Each line below from the one containing "move=> /(psumr_eq0P sq_ge0)" through the one containing "(* Consider Method" should be output exactly as it stands, and no other line should appear.

[Stored items]

>>>>>

Section InnerProduct.
Variable R : realType.
Local Notation C := R[i].

Definition cdot p (x y : 'cV[C]_p) : C := (x ^t* *m y) 0 0.

Lemma vnorm2_cdot p (x : 'cV[C]_p) : (vnorm2 x)%:C%C = cdot x x.
Proof.
rewrite /vnorm2 /cdot mxE rmorph_sum; apply: eq_bigr => i _.
by rewrite !mxE /= add_Re2_Im2 sqr_normc mulrC.
Qed.

Lemma vnorm2_ge0 p (x : 'cV[C]_p) : 0 <= vnorm2 x.
Proof. by apply: sumr_ge0 => i _; rewrite addr_ge0 ?sqr_ge0. Qed.

Lemma vnorm20 p : vnorm2 (0 : 'cV[C]_p) = 0.
Proof. by rewrite /vnorm2 big1 // => i _; rewrite mxE /= expr0n /= addr0. Qed.

Lemma vnorm2_eq0 p (x : 'cV[C]_p) : vnorm2 x = 0 -> x = 0.
Proof.
have sq_ge0 (i : 'I_p) : true -> 0 <= complex.Re (x i 0) ^+ 2 + complex.Im (x i 0) ^+ 2.
  by move=> _; rewrite addr_ge0 ?sqr_ge0.
move=> /(psumr_eq0P sq_ge0) x0; apply/colP => i; rewrite mxE.
move: (x0 i isT); case: (x i 0) => a b /= /eqP.
by rewrite paddr_eq0 ?sqr_ge0 // !sqrf_eq0 => /andP[/eqP -> /eqP ->].
Qed.

Lemma cdot_adj p q (A : 'M[C]_(p, q)) x y : cdot x (A *m y) = cdot (A ^t* *m x) y.
Proof. by rewrite /cdot trmxC_mul trmxCK mulmxA. Qed.

Lemma cdotC p (x y : 'cV[C]_p) : cdot y x = (cdot x y)^*.
Proof.
rewrite /cdot !mxE rmorph_sum; apply: eq_bigr => i _.
by rewrite !mxE rmorphM /= conjCK mulrC.
Qed.
(* Consider Method 2.4 (described in the context), with a fixed $\varepsilon>0$, and suppose it does not terminate and the numbers $\delta_k>0$ satisfy $\delta_k\to0$. Then the sequences $\{x_k\},\{\sigma_k\}$ are defined for all $k\in K$ and $\lim_{k\to\infty}g(x_k)=f^*+\varepsilon$, $\lim_{k\to\infty}\sigma_k=f^*+\varepsilon$, where $g(x)=f(x)+\varepsilon$.
   Context: Setting: $D\subset\mathbb{R}^n$ closed convex; $f$ convex on $\mathbb{R}^n$ attaining its minimum $f^*$ on $D$; $X^*=\{x\in D:f(x)=f^*\}$; fixed $\varepsilon>0$, $g(x)=f(x)+\varepsilon$, $g^*=\min_Dg=f^*+\varepsilon$; $\operatorname{epi}(g,\mathbb{R}^n)=\{(x,\gamma):\gamma\ge g(x)\}$; $W^1(u,Q)=\{a\in\mathbb{R}^{n+1}:\|a\|=1,\ \langle a,v-u\rangle\le0\ \forall v\in Q\}$; $K=\{0,1,\dots\}$; $J=\{1,\dots,m\}$. Method 2.4: fix $x^*\in X^*$; choose $v^j\in\operatorname{int}\operatorname{epi}(g,\mathbb{R}^n)$, $j\in J$, a closed convex bounded $G_0\subset D$ with $x^*\in G_0$, a closed convex $M_0\subseteq\mathbb{R}^{n+1}$ with $\operatorname{epi}(g,\mathbb{R}^n)\subset M_0$, numbers $\delta_0>0$, $\bar\gamma_0\le g^*$, constant $q\ge1$; $i=k=0$. Step 1: $u_i=(y_i,\gamma_i)$ solves $\min\{\gamma:(x,\gamma)\in M_i,\ x\in G_i,\ \gamma\ge\bar\gamma_i\}$; if $\gamma_i=g(y_i)$ stop. Step 2: for each $j\in J$ choose $\bar u_i^j$ in the open segment $(v^j,u_i)$ with $\bar u_i^j\notin\operatorname{int}\operatorname{epi}(g,\mathbb{R}^n)$ and $u_i+q_i^j(\bar u_i^j-u_i)\in\operatorname{epi}(g,\mathbb{R}^n)$ for some $q_i^j\in[1,q]$. Step 3: if $\|\bar u_i^j-u_i\|>\delta_k$ for all $j\in J$, choose closed convex $Q_i\subseteq M_i$ with $\operatorname{epi}(g,\mathbb{R}^n)\subset Q_i$ and go to Step 5. Step 4: choose closed convex $Q_i\supseteq\operatorname{epi}(g,\mathbb{R}^n)$; set $i_k=i$, $\sigma_k=\gamma_{i_k}$; choose $x_k\in G_{i_k}$ with $g(x_k)\le g(y_{i_k})$; choose $\delta_{k+1}>0$; $k\leftarrow k+1$. Step 5: for $j\in J$ choose nonempty finite $A_i^j\subset W^1(\bar u_i^j,\operatorname{epi}(g,\mathbb{R}^n))$; $M_{i+1}=Q_i\cap\bigcap_{j\in J}\{u\in\mathbb{R}^{n+1}:\langle a,u-\bar u_i^j\rangle\le0\ \forall a\in A_i^j\}$. Step 6: choose closed convex $G_{i+1}\subseteq G_0$ with $x^*\in G_{i+1}$ and $\bar\gamma_{i+1}\in[\bar\gamma_0,g^*]$; $i\leftarrow i+1$; go to Step 1. *)

From HB Require Import structures.
From mathcomp Require Import all_boot all_order all_algebra.
From mathcomp Require Import all_classical all_reals all_analysis.
Set Implicit Arguments. Unset Strict Implicit. Unset Printing Implicit Defensive.
Import Order.TTheory GRing.Theory Num.Theory.
Import numFieldNormedType.Exports.
Local Open Scope classical_set_scope.
Local Open Scope ring_scope.

(* R^n is 'rV[R]_n ; R^{n+1} is represented as pairs (x, gamma) : 'rV[R]_n * R *)
Definition pt (R : realType) (n : nat) := ('rV[R]_n * R)%type.

Definition dotp (R : realType) (n : nat) (a b : pt R n) : R :=
  \sum_(i < n) a.1 ord0 i * b.1 ord0 i + a.2 * b.2.
Definition psub (R : realType) (n : nat) (a b : pt R n) : pt R n :=
  (a.1 - b.1, a.2 - b.2).
Definition pnorm (R : realType) (n : nat) (a : pt R n) : R :=
  Num.sqrt (dotp a a).

Definition convex_setR (R : realType) (n : nat) (A : set 'rV[R]_n) : Prop :=
  forall x y t, A x -> A y -> 0 <= t <= 1 -> A (t *: x + (1 - t) *: y).
Definition convex_setP (R : realType) (n : nat) (A : set (pt R n)) : Prop :=
  forall p p' t, A p -> A p' -> 0 <= t <= 1 ->
    A (t *: p.1 + (1 - t) *: p'.1, t * p.2 + (1 - t) * p'.2).
Definition convex_fun (R : realType) (n : nat) (f : 'rV[R]_n -> R) : Prop :=
  forall x y t, 0 <= t <= 1 ->
    f (t *: x + (1 - t) *: y) <= t * f x + (1 - t) * f y.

<<<<<

*FINISHED TASK*.
move=> /(psumr_eq0P sq_ge0) x0; apply/colP => i; rewrite mxE.
move: (x0 i isT); case: (x i 0) => a b /= /eqP.
by rewrite paddr_eq0 ?sqr_ge0 // !sqrf_eq0 => /andP[/eqP -> /eqP ->].
Qed.

Lemma cdot_adj p q (A : 'M[C]_(p, q)) x y : cdot x (A *m y) = cdot (A ^t* *m x) y.
Proof. by rewrite /cdot trmxC_mul trmxCK mulmxA. Qed.

Lemma cdotC p (x y : 'cV[C]_p) : cdot y x = (cdot x y)^*.
Proof.
rewrite /cdot !mxE rmorph_sum; apply: eq_bigr => i _.
by rewrite !mxE rmorphM /= conjCK mulrC.
Qed.
(* Consider Method 2.4 (described in the context), with a fixed $\varepsilon>0$, and suppose it does not terminate and the numbers $\delta_k>0$ satisfy $\delta_k\to0$. Then the sequences $\{x_k\},\{\sigma_k\}$ are defined for all $k\in K$ and $\lim_{k\to\infty}g(x_k)=f^*+\varepsilon$, $\lim_{k\to\infty}\sigma_k=f^*+\varepsilon$, where $g(x)=f(x)+\varepsilon$.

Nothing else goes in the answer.